Reflective DLL loading is a technique used by attackers to load a dynamic-link library ( DLL ) directly from memory instead of loading it from the disk. Unlike conventional DLL loading, where Windows handles the loading process, reflective DLL injection involves bypassing standard Windows functions, potentially allowing attackers to evade detection.
Source code: https://github.com/rapid7/ReflectiveDLLInjection/
This image will make us understand correctly the Reflective Loading explanation.
The process of reflective DLL injection unfolds as follows:
-
Accessing the Target Process: The attacker gains access to the target process with read-write-execute permissions. This access enables the attacker to manipulate the process's memory.
Why do we use the OpenProcess API for it !? This API is used to obtain a handle to the target process, which is required to perform operations such as memory allocation and thread creation within that process.

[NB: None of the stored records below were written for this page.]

(* For $r, p_{1}, p_{2}\in \mathbb N$, \begin{align*} \sum_{n=1}^\infty \frac{r H_n^{(p_{1})} H_n^{(p_{2})}}{n(n+r)} &=S_{p_{1},p_{2}+1}^{+,+}+S_{p_{2},p_{1}+1}^{+,+}-\zeta(p_{1}+p_{2}+1) +\sum_{b=1}^{r-1}S(p_{1},p_{2},1,b,0)\\ &\quad +\sum_{b=1}^{r-1}S(p_{2},p_{1},1,b,0) -\sum_{b=1}^{r-1}S(0,p_{1}+p_{2}+1,1,b,0)\,. \end{align*}
   Context: $H_n^{(q)}=\sum_{j=1}^n j^{-q}$ for $q\in\mathbb N$, and $H_n^{(0)}:=n$. For $q\in\mathbb Z_{\ge0}$... more precisely for $q\in\{0\}\cup\mathbb N$ and $m,t,b\in\mathbb N$, $S(q,m,t,b,0):=\sum_{n=1}^\infty\frac{H_n^{(q)}}{n^{m}(n+b)^{t}}$ (so $S(0,m,1,b,0)=\sum_{n\ge1}\frac{1}{n^{m-1}(n+b)}$). $S_{p,q}^{+,+}:=\sum_{n=1}^\infty H_n^{(p)}/n^q$. $\zeta$ is the Riemann zeta function. Empty sums are $0$. *)

From Stdlib Require Import Reals.
From Coquelicot Require Import Coquelicot.
Open Scope R_scope.

(* H q n = sum_{j=1}^n j^{-q};  for q = 0 this gives n, matching H_n^{(0)} := n. *)
Fixpoint Hq (q n : nat) : R :=
  match n with
  | O => 0
  | S m => Hq q m + / (INR (S m) ^ q)
  end.

Fixpoint sum1 (f : nat -> R) (n : nat) : R :=
  match n with
  | O => 0
  | S m => sum1 f m + f (S m)
  end.

(* S(q,m,t,b,0) = sum_{n>=1} H_n^{(q)} / (n^m (n+b)^t)   (index shifted: n = k+1) *)
Definition S5 (q m t b : nat) : R :=
  Series (fun k => Hq q (S k) / (INR (S k) ^ m * (INR (S k) + INR b) ^ t)).

Definition Spp (p q : nat) : R :=
  Series (fun k => Hq p (S k) / INR (S k) ^ q).

Definition zeta (s : nat) : R :=
  Series (fun k => / INR (S k) ^ s).

From Stdlib Require Import Reals Lra Lia.
From Coquelicot Require Import Coquelicot.
Open Scope R_scope.

(* Since r/(n(n+r)) = sum_{b<r} (1/(n+b) - 1/(n+b+1)), it suffices to sum
   a_n (1/(n+b) - 1/(n+b+1)) for each b, where a_n = H_n^(p1) H_n^(p2).  Abel
   summation against the decreasing weights 1/(n+b) turns this into
   sum_n (a_n - a_(n-1))/(n+b), and a_n - a_(n-1) = H_n^(p1)/n^p2 + H_n^(p2)/n^p1
   - 1/n^(p1+p2); the boundary term a_N/(N+b) vanishes because the transformed
   series converges.  The block b = 0 yields the S^{+,+} and zeta terms.  All the
   series involved are dominated by H_n^(1)/n^2, which is summable by the same
   Abel summation applied to sum_n 1/n^2. *)

Lemma INR_S_ge_1 (k : nat) : 1 <= INR (S k).
Proof. rewrite S_INR. pose proof (pos_INR k). lra. Qed.

Lemma inv_sq_le_twice_inv_sub (x : R) : 1 <= x -> / x ^ 2 <= 2 * (/ x - / (x + 1)).
Proof.
  intro Hx.
  replace (2 * (/ x - / (x + 1))) with (/ ((x * x + x) / 2)) by (field; repeat split; nra).
  rewrite <- Rsqr_pow2. unfold Rsqr. apply Rinv_le_contravar; nra.
Qed.

Lemma Hq_succ (p n : nat) : Hq p (S n) = Hq p n + / INR (S n) ^ p.
Proof. reflexivity. Qed.

Lemma Hq_0 (n : nat) : Hq 0 n = INR n.
Proof. induction n as [|n IH]; [reflexivity|]. rewrite Hq_succ, IH, S_INR. simpl. field. Qed.

Lemma inv_pow_INR_S_pos (p n : nat) : 0 < / INR (S n) ^ p.
Proof. apply Rinv_0_lt_compat, pow_lt. pose proof (INR_S_ge_1 n). lra. Qed.

Lemma Hq_le_succ (p n : nat) : Hq p n <= Hq p (S n).
Proof. rewrite Hq_succ. pose proof (inv_pow_INR_S_pos p n). lra. Qed.

Lemma Hq_nonneg (p n : nat) : 0 <= Hq p n.
Proof.
  induction n as [|n IH]; [simpl; lra|]. pose proof (Hq_le_succ p n). lra.
Qed.

Lemma Hq_le_Hq1 (p n : nat) : (1 <= p)%nat -> Hq p n <= Hq 1 n.
Proof.
  intro Hp. induction n as [|n IH]; [simpl; lra|]. rewrite !Hq_succ, pow_1.
  pose proof (INR_S_ge_1 n) as Hn. pose proof (Rle_pow _ 1 p Hn Hp). rewrite pow_1 in *.
  assert (/ INR (S n) ^ p <= / INR (S n)) by (apply Rinv_le_contravar; lra).
  lra.
Qed.

Lemma Hq1_ge_1 (n : nat) : 1 <= Hq 1 (S n).
Proof.
  induction n as [|n IH]; [simpl; lra|]. pose proof (Hq_le_succ 1 (S n)). lra.
Qed.

Lemma is_series_iff_lim_sum_n (u : nat -> R) (l : R) :
  is_series u l <-> is_lim_seq (sum_n u) l.
Proof. reflexivity. Qed.

Lemma sum_n_telescope (u : nat -> R) (N : nat) :
  sum_n (fun k => u k - u (S k)) N = u O - u (S N).
Proof.
  induction N as [|N IH].
  - now rewrite sum_O.
  - rewrite sum_Sn, IH. unfold plus; simpl. ring.
Qed.

Lemma is_series_telescope (u : nat -> R) (l : R) :
  is_lim_seq u l -> is_series (fun k => u k - u (S k)) (u O - l).
Proof.
  intro Hu. apply is_series_iff_lim_sum_n.
  apply is_lim_seq_ext with (fun N => u O - u (S N)).
  { intro N. now rewrite sum_n_telescope. }
  apply is_lim_seq_minus'; [apply is_lim_seq_const|].
  now apply (is_lim_seq_incr_1 u l).
Qed.

Section SummationByParts.

Variables a w : nat -> R.
Hypothesis a_0 : a O = 0.

Lemma sum_n_by_parts (N : nat) :
  sum_n (fun k => a (S k) * (w k - w (S k))) N =
  sum_n (fun k => (a (S k) - a k) * w k) N - a (S N) * w (S N).
Proof.
  induction N as [|N IH].
  - rewrite !sum_O, a_0. change (?x = ?y) with (@eq R x y). ring.
  - rewrite !sum_Sn, IH. unfold plus; simpl. ring.
Qed.

Hypothesis a_incr : forall k, a k <= a (S k).
Hypothesis w_nonneg : forall k, 0 <= w k.
Hypothesis w_decr : forall k, w (S k) <= w k.
Hypothesis w_lim_0 : is_lim_seq w 0.

Lemma by_parts_boundary_le (N0 N : nat) : (N0 <= N)%nat ->
  (a (S N) - a (S N0)) * w N <=
  sum_n (fun k => (a (S k) - a k) * w k) N - sum_n (fun k => (a (S k) - a k) * w k) N0.
Proof.
  induction 1 as [|N HN IH].
  - lra.
  - rewrite sum_Sn. unfold plus; simpl.
    assert (a (S N0) <= a (S N)) by (apply Rge_le, growing_prop; [exact a_incr | lia]).
    assert ((a (S N) - a (S N0)) * w (S N) <= (a (S N) - a (S N0)) * w N)
      by (apply Rmult_le_compat_l; [lra | apply w_decr]).
    lra.
Qed.

Lemma by_parts_boundary_lim (L : R) :
  is_series (fun k => (a (S k) - a k) * w k) L ->
  is_lim_seq (fun N => a (S N) * w (S N)) 0.
Proof.
  intro HC. rewrite is_series_iff_lim_sum_n in HC. apply is_lim_seq_spec. intro eps.
  (* a_(N+1) w_(N+1) <= a_(N0+1) w_N + (C_N - C_N0): the first term is small for
     large N, the second for large N0 since the partial sums C converge. *)
  destruct (proj2 (is_lim_seq_spec _ _) HC (pos_div_2 (pos_div_2 eps))) as [N0 HN0].
  assert (Hw : is_lim_seq (fun N => a (S N0) * w N) 0).
  { replace (Finite 0) with (Rbar_mult (a (S N0)) 0) by (simpl; f_equal; ring).
    now apply is_lim_seq_scal_l. }
  destruct (proj2 (is_lim_seq_spec _ _) Hw (pos_div_2 eps)) as [N1 HN1].
  exists (max N0 N1). intros N HN.
  specialize (HN1 N ltac:(lia)). pose proof (HN0 N ltac:(lia)) as HCN.
  pose proof (HN0 N0 (le_n _)) as HCN0. simpl in HN1, HCN, HCN0.
  pose proof (by_parts_boundary_le N0 N ltac:(lia)).
  assert (Ha : forall n, 0 <= a n)
    by (intro n; rewrite <- a_0; apply Rge_le, growing_prop; [exact a_incr | lia]).
  assert (a (S N) * w (S N) <= a (S N) * w N)
    by (apply Rmult_le_compat_l; [apply Ha | apply w_decr]).
  pose proof (Rmult_le_pos _ _ (Ha (S N0)) (w_nonneg N)).
  pose proof (Rmult_le_pos _ _ (Ha (S N)) (w_nonneg (S N))).
  apply Rabs_lt_between in HN1. apply Rabs_lt_between in HCN. apply Rabs_lt_between in HCN0.
  apply Rabs_lt_between. lra.
Qed.

Lemma is_series_by_parts (L : R) :
  is_series (fun k => (a (S k) - a k) * w k) L ->
  is_series (fun k => a (S k) * (w k - w (S k))) L.
Proof.
  intro HC. pose proof (by_parts_boundary_lim L HC) as Hbd.
  rewrite is_series_iff_lim_sum_n in *.
  apply is_lim_seq_ext
    with (fun N => sum_n (fun k => (a (S k) - a k) * w k) N - a (S N) * w (S N)).
  { intro N. now rewrite sum_n_by_parts. }
  replace L with (L - 0) by ring.
  now apply is_lim_seq_minus'.
Qed.

End SummationByParts.

Lemma Rdiv_le_compat (x y d e : R) : 0 <= x <= y -> 0 < d <= e -> x / e <= y / d.
Proof.
  intros Hxy Hde. unfold Rdiv. apply Rmult_le_compat; try lra.
  - left. apply Rinv_0_lt_compat. lra.
  - apply Rinv_le_contravar; lra.
Qed.

Lemma ex_series_le_nonneg (u v : nat -> R) :
  (forall k, 0 <= u k <= v k) -> ex_series v -> ex_series u.
Proof.
  intros Huv Hv. apply (@ex_series_le R_AbsRing R_CompleteNormedModule u v); [|exact Hv].
  intro k. change (norm (u k)) with (Rabs (u k)). rewrite Rabs_pos_eq; apply Huv.
Qed.

Lemma inv_INR_S_shift_pos (c : R) (k : nat) : 0 <= c -> 0 < / (INR (S k) + c).
Proof. intro Hc. apply Rinv_0_lt_compat. pose proof (INR_S_ge_1 k). lra. Qed.

Lemma inv_INR_S_shift_decr (c : R) (k : nat) : 0 <= c ->
  / (INR (S (S k)) + c) <= / (INR (S k) + c).
Proof.
  intro Hc. pose proof (INR_S_ge_1 k). rewrite (S_INR (S k)).
  apply Rinv_le_contravar; lra.
Qed.

Lemma is_lim_seq_inv_INR_S_shift (c : R) : 0 <= c ->
  is_lim_seq (fun k => / (INR (S k) + c)) 0.
Proof.
  intro Hc. replace (Finite 0) with (Rbar_inv p_infty) by reflexivity.
  apply is_lim_seq_inv; [| discriminate].
  apply is_lim_seq_le_p_loc with (fun k => INR (S k)).
  - exists O. intros n _. lra.
  - apply (is_lim_seq_incr_1 INR). apply is_lim_seq_INR.
Qed.

Lemma ex_series_inv_sq : ex_series (fun k => / INR (S k) ^ 2).
Proof.
  apply ex_series_le_nonneg with (fun k => 2 * (/ INR (S k) - / INR (S (S k)))).
  - intro k. pose proof (INR_S_ge_1 k). split.
    + left. apply Rinv_0_lt_compat, pow_lt. lra.
    + rewrite (S_INR (S k)). now apply inv_sq_le_twice_inv_sub.
  - apply (@ex_series_scal_l R_AbsRing R_NormedModule 2).
    eexists. apply (is_series_telescope (fun k => / INR (S k))).
    apply is_lim_seq_ext with (fun k => / (INR (S k) + 0)); [intro k; now rewrite Rplus_0_r|].
    apply is_lim_seq_inv_INR_S_shift. lra.
Qed.

Lemma ex_series_Hq1_div_sq : ex_series (fun k => Hq 1 (S k) / INR (S k) ^ 2).
Proof.
  destruct ex_series_inv_sq as [L HL].
  assert (Hparts : is_series
            (fun k => Hq 1 (S k) * (/ (INR (S k) + 0) - / (INR (S (S k)) + 0))) L).
  { apply (is_series_by_parts (Hq 1) (fun k => / (INR (S k) + 0))).
    - reflexivity.
    - apply Hq_le_succ.
    - intro k. left. apply inv_INR_S_shift_pos. lra.
    - intro k. apply inv_INR_S_shift_decr. lra.
    - apply is_lim_seq_inv_INR_S_shift. lra.
    - eapply is_series_ext; [| exact HL]. intro k.
      rewrite Hq_succ, Rplus_0_r, pow_1. pose proof (INR_S_ge_1 k).
      change (?x = ?y) with (@eq R x y). field. lra. }
  apply ex_series_le_nonneg
    with (fun k => 2 * (Hq 1 (S k) * (/ (INR (S k) + 0) - / (INR (S (S k)) + 0)))).
  - intro k. pose proof (INR_S_ge_1 k). pose proof (Hq1_ge_1 k). split.
    + unfold Rdiv. apply Rmult_le_pos; [lra|]. left. apply Rinv_0_lt_compat, pow_lt. lra.
    + rewrite !Rplus_0_r, (S_INR (S k)), <- Rmult_assoc, (Rmult_comm 2), Rmult_assoc.
      apply Rmult_le_compat_l; [lra|]. now apply inv_sq_le_twice_inv_sub.
  - apply (@ex_series_scal_l R_AbsRing R_NormedModule 2). now exists L.
Qed.

Definition S5_term (q m t b k : nat) : R :=
  Hq q (S k) / (INR (S k) ^ m * (INR (S k) + INR b) ^ t).

Lemma ex_series_S5_term (p q b : nat) : (1 <= p)%nat -> (1 <= q)%nat ->
  ex_series (S5_term p q 1 b).
Proof.
  intros Hp Hexp. apply ex_series_le_nonneg with (2 := ex_series_Hq1_div_sq). intro k.
  unfold S5_term. rewrite pow_1.
  pose proof (Hq_nonneg p (S k)). pose proof (Hq_le_Hq1 p (S k) Hp).
  pose proof (INR_S_ge_1 k) as Hx. pose proof (pos_INR b).
  pose proof (Rle_pow _ 1 q Hx Hexp). set (x := INR (S k)) in *. simpl in *.
  split.
  - unfold Rdiv. apply Rmult_le_pos; [lra|]. left. apply Rinv_0_lt_compat. nra.
  - apply Rdiv_le_compat; [lra|]. split; nra.
Qed.

Lemma ex_series_S5_term_Hq0 (m b : nat) : (2 <= m)%nat -> ex_series (S5_term 0 m 1 b).
Proof.
  intro Hm. apply ex_series_le_nonneg with (2 := ex_series_Hq1_div_sq). intro k.
  unfold S5_term. rewrite pow_1, Hq_0.
  pose proof (Hq1_ge_1 k). pose proof (INR_S_ge_1 k) as Hx. pose proof (pos_INR b).
  pose proof (Rle_pow _ 2 m Hx Hm). set (x := INR (S k)) in *. simpl in *.
  split.
  - unfold Rdiv. apply Rmult_le_pos; [lra|]. left. apply Rinv_0_lt_compat. nra.
  - apply Rle_trans with (x / (x * (x * 1) * x)).
    + apply Rdiv_le_compat; [lra|]. split; nra.
    + replace (x / (x * (x * 1) * x)) with (1 / (x * (x * 1))) by (field; lra).
      apply Rdiv_le_compat; nra.
Qed.

Lemma S5_at_zero_shift (p q : nat) : S5 p q 1 0 = Spp p (q + 1).
Proof.
  apply Series_ext. intro k. rewrite pow_1, Rplus_0_r, pow_add, pow_1. reflexivity.
Qed.

Lemma S5_Hq0_at_zero_shift (m : nat) : S5 0 m 1 0 = zeta m.
Proof.
  apply Series_ext. intro k. rewrite pow_1, Rplus_0_r, Hq_0.
  pose proof (INR_S_ge_1 k). assert (INR (S k) ^ m <> 0) by (apply pow_nonzero; lra).
  field. lra.
Qed.

Lemma is_series_sum_n_telescope (c : nat -> R) (f : nat -> nat -> R) (V : nat -> R) :
  (forall b, is_series (fun k => c k * (f b k - f (S b) k)) (V b)) ->
  forall m, is_series (fun k => c k * (f O k - f (S m) k)) (sum_n V m).
Proof.
  intros HV m. induction m as [|m IH].
  - rewrite sum_O. apply HV.
  - rewrite sum_Sn. eapply is_series_ext; [| exact (is_series_plus _ _ _ _ IH (HV (S m)))].
    intro k. change (?x = ?y) with (@eq R x y). unfold plus; simpl. ring.
Qed.

Section HarmonicProduct.

Variables p1 p2 : nat.

Lemma Hq_prod_increment (b k : nat) :
  (Hq p1 (S k) * Hq p2 (S k) - Hq p1 k * Hq p2 k) * / (INR (S k) + INR b) =
  S5_term p1 p2 1 b k + S5_term p2 p1 1 b k - S5_term 0 (p1 + p2 + 1) 1 b k.
Proof.
  unfold S5_term. rewrite Hq_0, !Hq_succ, !pow_1, !pow_add, pow_1.
  pose proof (INR_S_ge_1 k). pose proof (pos_INR b).
  assert (INR (S k) ^ p1 <> 0) by (apply pow_nonzero; lra).
  assert (INR (S k) ^ p2 <> 0) by (apply pow_nonzero; lra).
  field. repeat split; lra.
Qed.

Hypothesis hp1 : (1 <= p1)%nat.
Hypothesis hp2 : (1 <= p2)%nat.

Lemma is_series_Hq_prod_shift_diff (b : nat) :
  is_series
    (fun k => Hq p1 (S k) * Hq p2 (S k) * (/ (INR (S k) + INR b) - / (INR (S k) + INR (S b))))
    (S5 p1 p2 1 b + S5 p2 p1 1 b - S5 0 (p1 + p2 + 1) 1 b).
Proof.
  assert (Hpos : 0 <= INR b) by apply pos_INR.
  eapply is_series_ext.
  2: apply (is_series_by_parts (fun k => Hq p1 k * Hq p2 k) (fun k => / (INR (S k) + INR b))).
  - intro k. cbv beta. rewrite (S_INR (S k)), (S_INR b). do 3 f_equal. ring.
  - simpl. ring.
  - intro k. apply Rmult_le_compat; auto using Hq_nonneg, Hq_le_succ.
  - intro k. left. now apply inv_INR_S_shift_pos.
  - intro k. now apply inv_INR_S_shift_decr.
  - now apply is_lim_seq_inv_INR_S_shift.
  - eapply is_series_ext; [intro k; symmetry; apply Hq_prod_increment|].
    exact (is_series_minus _ _ _ _
             (is_series_plus _ _ _ _
                (Series_correct _ (ex_series_S5_term p1 p2 b hp1 hp2))
                (Series_correct _ (ex_series_S5_term p2 p1 b hp2 hp1)))
             (Series_correct _ (ex_series_S5_term_Hq0 (p1 + p2 + 1) b ltac:(lia)))).
Qed.

Lemma sum_n_S5_combination (m : nat) :
  sum_n (fun b => S5 p1 p2 1 b + S5 p2 p1 1 b - S5 0 (p1 + p2 + 1) 1 b) m =
  Spp p1 (p2 + 1) + Spp p2 (p1 + 1) - zeta (p1 + p2 + 1)
  + sum1 (fun b => S5 p1 p2 1 b) m
  + sum1 (fun b => S5 p2 p1 1 b) m
  - sum1 (fun b => S5 0 (p1 + p2 + 1) 1 b) m.
Proof.
  induction m as [|m IH].
  - rewrite sum_O, S5_Hq0_at_zero_shift, !S5_at_zero_shift. simpl. ring.
  - rewrite sum_Sn, IH. unfold plus; simpl. ring.
Qed.

End HarmonicProduct.

Theorem lemma7 (r p1 p2 : nat) (hr : (1 <= r)%nat) (hp1 : (1 <= p1)%nat) (hp2 : (1 <= p2)%nat) :
  is_series
    (fun k => INR r * Hq p1 (S k) * Hq p2 (S k) / (INR (S k) * (INR (S k) + INR r)))
    (Spp p1 (p2 + 1) + Spp p2 (p1 + 1) - zeta (p1 + p2 + 1)
     + sum1 (fun b => S5 p1 p2 1 b) (r - 1)
     + sum1 (fun b => S5 p2 p1 1 b) (r - 1)
     - sum1 (fun b => S5 0 (p1 + p2 + 1) 1 b) (r - 1)).
Proof.
  destruct r as [|m]; [lia|]. replace (S m - 1)%nat with m by lia.
  rewrite <- sum_n_S5_combination.
  eapply is_series_ext.
  2: apply (is_series_sum_n_telescope (fun k => Hq p1 (S k) * Hq p2 (S k))
              (fun b k => / (INR (S k) + INR b))), is_series_Hq_prod_shift_diff; assumption.
  intro k. cbv beta. pose proof (INR_S_ge_1 k). pose proof (pos_INR (S m)).
  change (INR 0) with 0. change (?x = ?y) with (@eq R x y). field. lra.
Qed.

MSDN Signature:HANDLE OpenProcess( [in] DWORD dwDesiredAccess, [in] BOOL bInheritHandle, [in] DWORD dwProcessId );
Explanation:
- dwDesiredAccess: This defines the type of access to the process. It's checked against the process's security settings. You can use different access rights here. If you have the SeDebugPrivilege privilege, you get access no matter what the security settings say.
- bInheritHandle: When TRUE, new processes created by this one inherit the handle. If FALSE, they don't.
dwProcessId
: This is the ID of the process you want to open. Opening the System Idle Process ( 0x00000000 ) fails with ERROR_INVALID_PARAMETER. Trying to open the System process or a Client Server Run-Time Subsystem ( CSRSS ) process fails with ERROR_ACCESS_DENIED due to their high security.
-
Memory Allocation: Within the target process, the attacker allocates a section of memory that is spacious enough to accommodate the entire DLL. This allocated memory space serves as a staging area for the malicious code.
Why do we use the VirtuallAllocEx API? To create a buffer within the target process's address space, which will be used to store the DLL before it's executed.
MSDN Signature:LPVOID VirtualAllocEx( [in] HANDLE hProcess, [in] LPVOID lpAddress, [in] SIZE_T dwSize, [in] DWORD flAllocationType, [in] DWORD flProtect );
Explanation:-
hProcess: Handle to the process where memory will be allocated. It requires PROCESS_VM_OPERATION access. Details on access rights can be found in Process Security and Access Rights documentation.
-
lpAddress ( optional ): Suggests a preferred starting address for memory allocation.
- For reserving memory, the function adjusts this address to the nearest allocation granularity.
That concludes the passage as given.